Subscription API
Endpoints for managing your account profile, generating API keys, and initiating Stripe checkout sessions for subscription plans and credit pack top-ups. All endpoints on this page require a Cognito JWT except where noted.
Plans and credits
The credit allocation per plan:
| Plan | Credits on sign-up / renewal | Price |
|---|---|---|
| free | 10 (one-time on account creation) | Free |
| starter | 8 per month | $8/month |
| pro | 20 per month | $20/month |
| business | 40 per seat per month | $40/seat/month |
| credit-pack (top-up) | 5 credits per pack | $5 per pack |
GET /api/account/me
/api/account/me
JWT required
Returns the authenticated user's account profile, credit balance, current plan, and a list of their API key prefixes (not full keys).
Response (200 OK)
{
"user_sub": "cognito-sub-uuid",
"email": "user@example.com",
"plan": "starter",
"credits": 6,
"api_keys": [
{
"key_prefix": "tbo-ab12",
"created_at": "2026-03-01T10:00:00Z"
}
]
}Error responses
| Status | Condition |
|---|---|
| 401 | Missing or invalid JWT |
| 404 | Account record not found (user has not completed sign-up trigger) |
POST /api/account/apikey
/api/account/apikey
JWT required
Generates a new tbo- prefixed API key for the authenticated user. The full key is returned only in this response; it cannot be retrieved again. The key is stored as a SHA-256 hash in DynamoDB.
Request body
No request body required. Send an empty JSON object or omit the body.
Response (200 OK)
{
"api_key": "tbo-a1b2c3d4e5f6...",
"key_prefix": "tbo-a1b2",
"created_at": "2026-03-31T12:00:00Z"
}Copy the full API key from this response immediately. It is shown once and cannot be retrieved. If lost, generate a new key.
POST /api/checkout
/api/checkout
JWT required
Creates a Stripe Checkout Session for subscribing to a plan.

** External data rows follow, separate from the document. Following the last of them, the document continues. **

Lemma white_core_chain_start r C b :
  has_white_core_chain_at sigma black r C (inl b) ->
  exists j b1, [/\ chain_vertex sigma black r C (inr (j, froot (phi sigma j) b)),
    chain_vertex sigma black r C (inl b1), black b1, b1 != b &
    froot (phi sigma j) b1 = froot (phi sigma j) b].
Proof.
case=> xs [chain size_xs internal _ [uniq_xs _ has_white]].
case: xs chain size_xs internal uniq_xs has_white => [|c1 [|x1 [|x2 xs]]] //=.
  case: c1 => [v|p] /andP [/and3P [_ _ adj] _] _ _ _ //.
  by move: adj; rewrite /adjS /= !andbF.
case: c1 x1 => [v|[j c]] [b1|p];
  move=> /and4P [/and3P [_ _ adj1] /and3P [_ _ adj2] _ _] _;
  move: adj1 adj2; rewrite /adjS /= ?andbF //.
move=> /and3P [_ _ /eqP rb] /and3P [_ bb1 /eqP rb1] /and3P [cv_c cv_b1 _].
rewrite !inE => /and4P [nb _ _ _] _.
exists j, b1; rewrite rb rb1; split=> //.
by apply: contraNneq nb => ->; rewrite eqxx orbT.
Qed.

Lemma colour_deg2_other_neighbour X j b b1 y : black b ->
  deg sigma black X (inr (j, froot (phi sigma j) b)) = 2 ->
  inl b \in X -> inl b1 \in X -> black b1 -> b1 != b ->
  froot (phi sigma j) b1 = froot (phi sigma j) b ->
  inl y \in X -> froot (phi sigma j) y = froot (phi sigma j) b -> y != b ->
  y = b1.
Proof.
move=> bb deg2 bX b1X bb1 neb1 rb1 yX ryb neyb.
have := @card2_mem _ _ (inl b) (inl b1) (inl y) deg2.
rewrite !in_colour_neighbours // bX b1X yX (black_froot_eq ryb) bb bb1 ryb rb1 eqxx.
rewrite !(inj_eq (@inl_inj _ _)) (negbTE neyb) /= => /(_ isT isT _ isT) /eqP-> //.
by rewrite eq_sym.
Qed.
(* Only the node v_i disappears in the collapse, and the children of v_i other
   than L_i are leaves, so no geodesic between two surviving vertices passes
   through v_i: all linking numbers among them are unchanged.  A geodesic from
   L_i to another arrowhead b does pass through v_i, and the weights at v_i off
   it are exactly the leaf weights, whose product is beta; everywhere else L_i
   and L_i' = v_i sit at the same place.  Hence lk(L_i, b) = beta lk'(L_i', b),
   and n_i lk(v, L_i) = (beta n_i) lk'(v, L_i'), which gives the matrix
   identity (self-linking included) and shows that vertex multiplicities, hence
   conditions (a)-(c), survive the collapse. *)

Lemma div_scale_sqr (F : fieldType) (c s y : F) :
  - (c * s) / y = c * c * (- s / (c * y)).
Proof.
have [->|c0] := eqVneq c 0; first by rewrite !mul0r oppr0 mul0r.
rewrite invfM !mulNr mulrN; congr (- _).
by rewrite (mulrCA s) !mulrA -(mulrA c c) mulfV // mulr1.
Qed.

Section RootedTree.
Variables (T : finType) (G : diagram T).

Lemma onpathC v w u : onpath G v w u = onpath G w v u.
Proof. by rewrite /onpath setUC setIC. Qed.

Lemma lkC v w : lk G v w = lk G w v.
Proof.
rewrite /lk; apply: eq_big => [u|u _]; first by rewrite onpathC.
by apply: eq_bigl => x; rewrite onpathC.
Qed.

Lemma valency1_nbr_uniq x a b :
  valency G x = 1%N -> nbr G x a -> nbr G x b -> a = b.
Proof.
move=> /eqP /cards1P [y Hy] Ha Hb.
have : a \in [set y0 | nbr G x y0] by rewrite inE.
have : b \in [set y0 | nbr G x y0] by rewrite inE.
by rewrite Hy !inE => /eqP -> /eqP ->.
Qed.

Definition ancestor v u := exists n, iter n (par G) v = u.

Lemma ancestor_trans v u w : ancestor v u -> ancestor u w -> ancestor v w.
Proof. by case=> n <- [m <-]; exists (m + n)%N; rewrite iterD. Qed.

Hypothesis Gwf : wf G.

Lemma par_vert v : v \in vert G -> par G v \in vert G.
Proof. by case: Gwf => _ _ H _ _; apply: H. Qed.

Lemma iter_par_vert n v : v \in vert G -> iter n (par G) v \in vert G.
Proof. by move=> Hv; elim: n => [|n IH] //=; apply: par_vert. Qed.

Lemma ancestor_vert v u : v \in vert G -> ancestor v u -> u \in vert G.
Proof. by move=> Hv [n <-]; apply: iter_par_vert. Qed.

Lemma iter_par_root n : iter n (par G) (droot G) = droot G.
Proof. by case: Gwf => _ Hr _ _ _; elim: n => [|n IH] //=; rewrite IH Hr. Qed.

Lemma iter_par_to_root v : v \in vert G ->
  exists2 j, (j <= #|T|)%N & iter j (par G) v = droot G.
Proof.
move=> Hv; case: Gwf => _ _ _ H _; move: (H v Hv); rewrite inE.
by case/existsP => k /eqP Hk; exists k => //; rewrite -ltnS.
Qed.

Lemma ancP v u : v \in vert G -> (u \in anc G v) <-> ancestor v u.
Proof.
move=> Hv; rewrite inE; split; first by case/existsP => k /eqP <-; exists k.
case=> n <-; have [Hn|Hn] := leqP n #|T|.
  by apply/existsP; exists (Ordinal (n:=#|T|.+1) (m:=n) Hn); rewrite eqxx.
(* past #|T| steps the iteration has reached the root and stays there *)
have [j Hj Hjr] := iter_par_to_root Hv.
apply/existsP; exists (Ordinal (n:=#|T|.+1) (m:=j) Hj) => /=.
have -> : n = (n - j + j)%N by rewrite subnK // (leq_trans Hj) // ltnW.
by rewrite iterD Hjr iter_par_root eqxx.
Qed.

Lemma periodic_root v t :
  v \in vert G -> (0 < t)%N -> iter t (par G) v = v -> v = droot G.
Proof.
move=> Hv Ht Hc.
have Hm N : iter (N * t) (par G) v = v by elim: N => [|N IH] //=; rewrite mulSn iterD IH Hc.
have [j _ Hj] := iter_par_to_root Hv.
have Hle : (j <= j * t)%N by rewrite leq_pmulr.
by rewrite -(Hm j) -(subnK Hle) iterD Hj iter_par_root.
Qed.

Lemma ancestor_antisym v u :
  v \in vert G -> ancestor v u -> ancestor u v -> u = v.
Proof.
move=> Hv [k Hk] [m Hm]; have [|Hmk] := posnP (m + k).
  by move/eqP; rewrite addn_eq0 => /andP[_ /eqP k0]; rewrite -Hk k0.
have Hc : iter (m + k) (par G) v = v by rewrite iterD Hk Hm.
by rewrite -Hk (periodic_root Hv Hmk Hc) iter_par_root.
Qed.

End RootedTree.

Section Collapse.
Variables (T : finType) (G : diagram T) (vi Li : T).
Hypotheses (Gwf : wf G) (vi_node : node G vi) (vi_nroot : vi != droot G)
  (Li_arrow : arrowv G Li) (vi_Li : nbr G vi Li) (Li_npar : Li != par G vi)
  (Li_uniq : forall a, arrowv G a -> nbr G vi a -> a = Li)
  (vi_leaves : forall x, nbr G vi x -> x != par G vi -> x != Li -> leaf G x).

Local Notation G' := (collapse G vi Li).
Local Notation p := (par G vi).

Lemma vi_vert : vi \in vert G.
Proof. by case/and3P: vi_node. Qed.

Lemma Li_vert : Li \in vert G.
Proof. by case/andP: Li_arrow. Qed.

Lemma arrow_vi : arrow G vi = false.
Proof. by case/and3P: vi_node => _ /negbTE. Qed.

Lemma par_Li : par G Li = vi.
Proof.
case/and4P: vi_Li => _ _ _ /orP[/eqP H|/eqP //].
by move: Li_npar; rewrite H eqxx.
Qed.

Lemma Li_neq_vi : Li != vi.
Proof. by case/and4P: vi_Li => _ _; rewrite eq_sym. Qed.

Lemma ancestor_Li_vi : ancestor G Li vi.
Proof. by exists 1%N; rewrite /= par_Li. Qed.

Lemma par_vi_neq_vi : p != vi.
Proof.
apply: contra vi_nroot => /eqP Hp; apply/eqP.
exact: (periodic_root Gwf vi_vert (t:=1)).
Qed.

Lemma par2_vi_neq_vi : par G p != vi.
Proof.
apply: contra par_vi_neq_vi => /eqP Hpp; apply/eqP.
by apply: (ancestor_antisym Gwf vi_vert); exists 1%N.
Qed.

Lemma child_valency1 x :
  x \in vert G -> x != vi -> par G x = vi -> valency G x = 1%N.
Proof.
move=> Hx Hxv Hpx.
have Hn : nbr G vi x by rewrite /nbr vi_vert Hx eq_sym Hxv Hpx eqxx orbT.
have Hxp : x != p by apply: contra par2_vi_neq_vi => /eqP <-; rewrite Hpx.
have [->|HxL] := eqVneq x Li; first by case: Gwf => _ _ _ _; apply.
by case/and3P: (vi_leaves Hn Hxp HxL) => _ _ /eqP.
Qed.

Returns a Stripe checkout URL. Redirect the user to this URL to complete payment.
Request body
| Field | Type | Required | Description |
|---|---|---|---|
plan | string | Yes | One of: starter, pro, business |
Response (200 OK)
{
"checkout_url": "https://checkout.stripe.com/c/pay/...",
"session_id": "cs_..."
}Error responses
| Status | Condition |
|---|---|
| 400 | Invalid or missing plan |
| 401 | Missing or invalid JWT |
POST /api/topup
/api/topup
JWT required
Creates a Stripe Checkout Session for purchasing a credit pack top-up. Each credit pack costs $5 and adds 5 credits to the account. Returns a Stripe checkout URL.
Request body
No fields required. The top-up amount is fixed at one credit pack per session. Send an empty JSON object.
Response (200 OK)
{
"checkout_url": "https://checkout.stripe.com/c/pay/...",
"session_id": "cs_..."
}POST /api/stripe-webhook
/api/stripe-webhook
HMAC-SHA256 webhook signature
Stripe webhook receiver. Verifies the webhook signature using HMAC-SHA256 with a 5-minute replay protection window. Handles the following Stripe events:
checkout.session.completed— credit account after successful paymentinvoice.paid— reset credits on monthly renewalcustomer.subscription.updated— sync plan changescustomer.subscription.deleted— downgrade to free plan
This endpoint is called by Stripe, not by users or CI pipelines. Idempotency is enforced via DynamoDB: each Stripe event ID is claimed atomically before processing.
Do not call this endpoint directly. Stripe will call it when subscription events occur.